At the moment of the Normandy landings, Kriegel supported an immediate internal uprising of the French population. This was in contrast with the attitude of General Charles de Gaulle, whose strategy was tied to close cooperation with the allies. When street fighting broke out in Paris on 19 August, de Gaulle's representatives negotiated a truce with the German commander. Kriegel and Henri Rol-Tanguy, the communist leader of the FFI in the city, denounced this. When the allied troops led by General Leclerc arrived in the city, Kriegel was one of the three leaders of the resistance who received the surrender of the German military governor of Paris, General Dietrich von Choltitz, on 25 August 1944.

== Complex relationship with PCF ==
Maurice Kriegel-Valrimont, as he was now known, formally joined the French Communist Party (PCF) after the war and was elected to parliament in 1945 to represent an Alsace constituency. From 1947 onward, he was a member of the party's central committee, and was given responsibility for its press bureau. In 1952, André Marty and Charles Tillon were excluded from the direction of the PCF. Maurice Kriegel-Valrimont voted for their exclusion but later wrote in his memoirs: "When I ask myself questions about my life, it is the only point where I find no excuses."
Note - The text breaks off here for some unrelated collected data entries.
Section ReducedPencil.
Variables (SA : 'M[F]_m) (SD : 'M[F]_n).
Hypotheses (redSA : reducing_ker A C B SA) (redSD : reducing_ker D B C SD).
Hypothesis maxSA : forall r (T : 'M_(r, m)), reducing_ker A C B T -> (T <= SA)%MS.
Hypothesis maxSD : forall r (T : 'M_(r, n)), reducing_ker D B C T -> (T <= SD)%MS.
Local Notation PA := (proj_ortho SA).
Local Notation PD := (proj_ortho SD).

Definition reduced_pencil (z w : F) :=
  block_mx ((A - w%:M) *m (1%:M - PA) - PA) (z *: B)
           C ((z *: D - 1%:M) *m (1%:M - PD) - PD).

Definition pencil_corrA (w : F) := 1%:M - PA - (A - w%:M) *m PA.
Definition pencil_corrD (z : F) := 1%:M - PD - (z *: D - 1%:M) *m PD.

Lemma projA_commute (w : F) : PA *m (A - w%:M) = (A - w%:M) *m PA.
Proof. by rewrite mulmxBr mulmxBl (proj_reducing_kerC redSA) scalar_mxC. Qed.

Lemma projD_commute (z : F) : PD *m (z *: D - 1%:M) = (z *: D - 1%:M) *m PD.
Proof.
by rewrite mulmxBr mulmxBl mulmx1 mul1mx -scalemxAr -scalemxAl (proj_reducing_kerC redSD).
Qed.

Lemma pencil_factor (z w : F) :
  pencil z w = reduced_pencil z w *m block_mx (pencil_corrA w) 0 0 (pencil_corrD z).
Proof.
rewrite /pencil /reduced_pencil mulmx_block !mulmx0 !addr0 !add0r.
rewrite (idem_commute_factor (proj_ortho_proj SA) (projA_commute w)).
rewrite (idem_commute_factor (proj_ortho_proj SD) (projD_commute z)).
have BPD := mulmx_proj_reducing_ker redSD; have CPA := mulmx_proj_reducing_ker redSA.
congr block_mx.
  rewrite -scalemxAl; congr (_ *: _).
  rewrite !mulmxBr mulmx1 BPD subr0 mulmxA mulmxBr mulmxBl mulmx1 BPD subr0.
  rewrite -scalemxAr -scalemxAl -mulmxA -(proj_reducing_kerC redSD) mulmxA BPD.
  by rewrite mul0mx scaler0 subr0.
rewrite !mulmxBr mulmx1 CPA subr0 mulmxA mulmxBr mulmxBl.
rewrite -mulmxA -(proj_reducing_kerC redSA) mulmxA CPA mul0mx mul_mx_scalar.
by rewrite -scalemxAl CPA scaler0 !subr0.
Qed.

Lemma det_corrA_neq0 (w : F) : `|w| < 1 -> \det (pencil_corrA w) != 0.
Proof.
move=> w_lt1; apply/negP => /det0P[v v_neq0 vE].
have [vPA vAw] := idem_commute_factor_ker (proj_ortho_proj SA) (projA_commute w) vE.
have vSA : (v <= SA)%MS by rewrite -vPA proj_ortho_sub.
have vB : v *m B = 0.
  by case/and4P: redSA => _ _ _ SAB; apply/sub_kermxP; exact: submx_trans vSA SAB.
have vA : v *m A = w *: v.
  by move/eqP: vAw; rewrite mulmxBr mul_mx_scalar subr_eq0 => /eqP.
have := sqnorm_unitary (row_mx v 0) unitaryU.
rewrite row_mx_mulU !mul0mx !addr0 vA vB !sqnorm_row_mx sqnorm0 !addr0 sqnormZ.
move=> vU; have v0 : v = 0 by apply: (sqnorm_contraction_eq0 w_lt1); rewrite vU.
by rewrite v0 eqxx in v_neq0.
Qed.

Lemma det_corrD_neq0 (z : F) : `|z| < 1 -> \det (pencil_corrD z) != 0.
Proof.
move=> z_lt1; apply/negP => /det0P[v v_neq0 vE].
have [_ vDz] := idem_commute_factor_ker (proj_ortho_proj SD) (projD_commute z) vE.
have : v *m (1%:M - z *: D) = 0 by rewrite -opprB mulmxN vDz oppr0.
move/(congr1 (mulmx^~ (invmx (1%:M - z *: D)))).
rewrite -mulmxA mulmxV ?unitmx_1_scaleD // mulmx1 mul0mx => v0.
by rewrite v0 eqxx in v_neq0.
Qed.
After Nikita Khrushchev's 1956 denunciation of the crimes of Joseph Stalin, Kriegel tried to get the French communist party to adopt a more liberal line. This resulted in his disgrace, and he left the party in 1961, finding employment as an administrator in the social security system.

==Other==
Maurice Kriegel-Valrimont was the father of the president of Haut Conseil à l'intégration (high council on immigration), Blandine Kriegel, the father-in-law of journalist Alexandre Adler and the brother-in-law of historian Annie Kriegel.

He died of a pulmonary embolism at the age of 92 in Paris, France in 2006.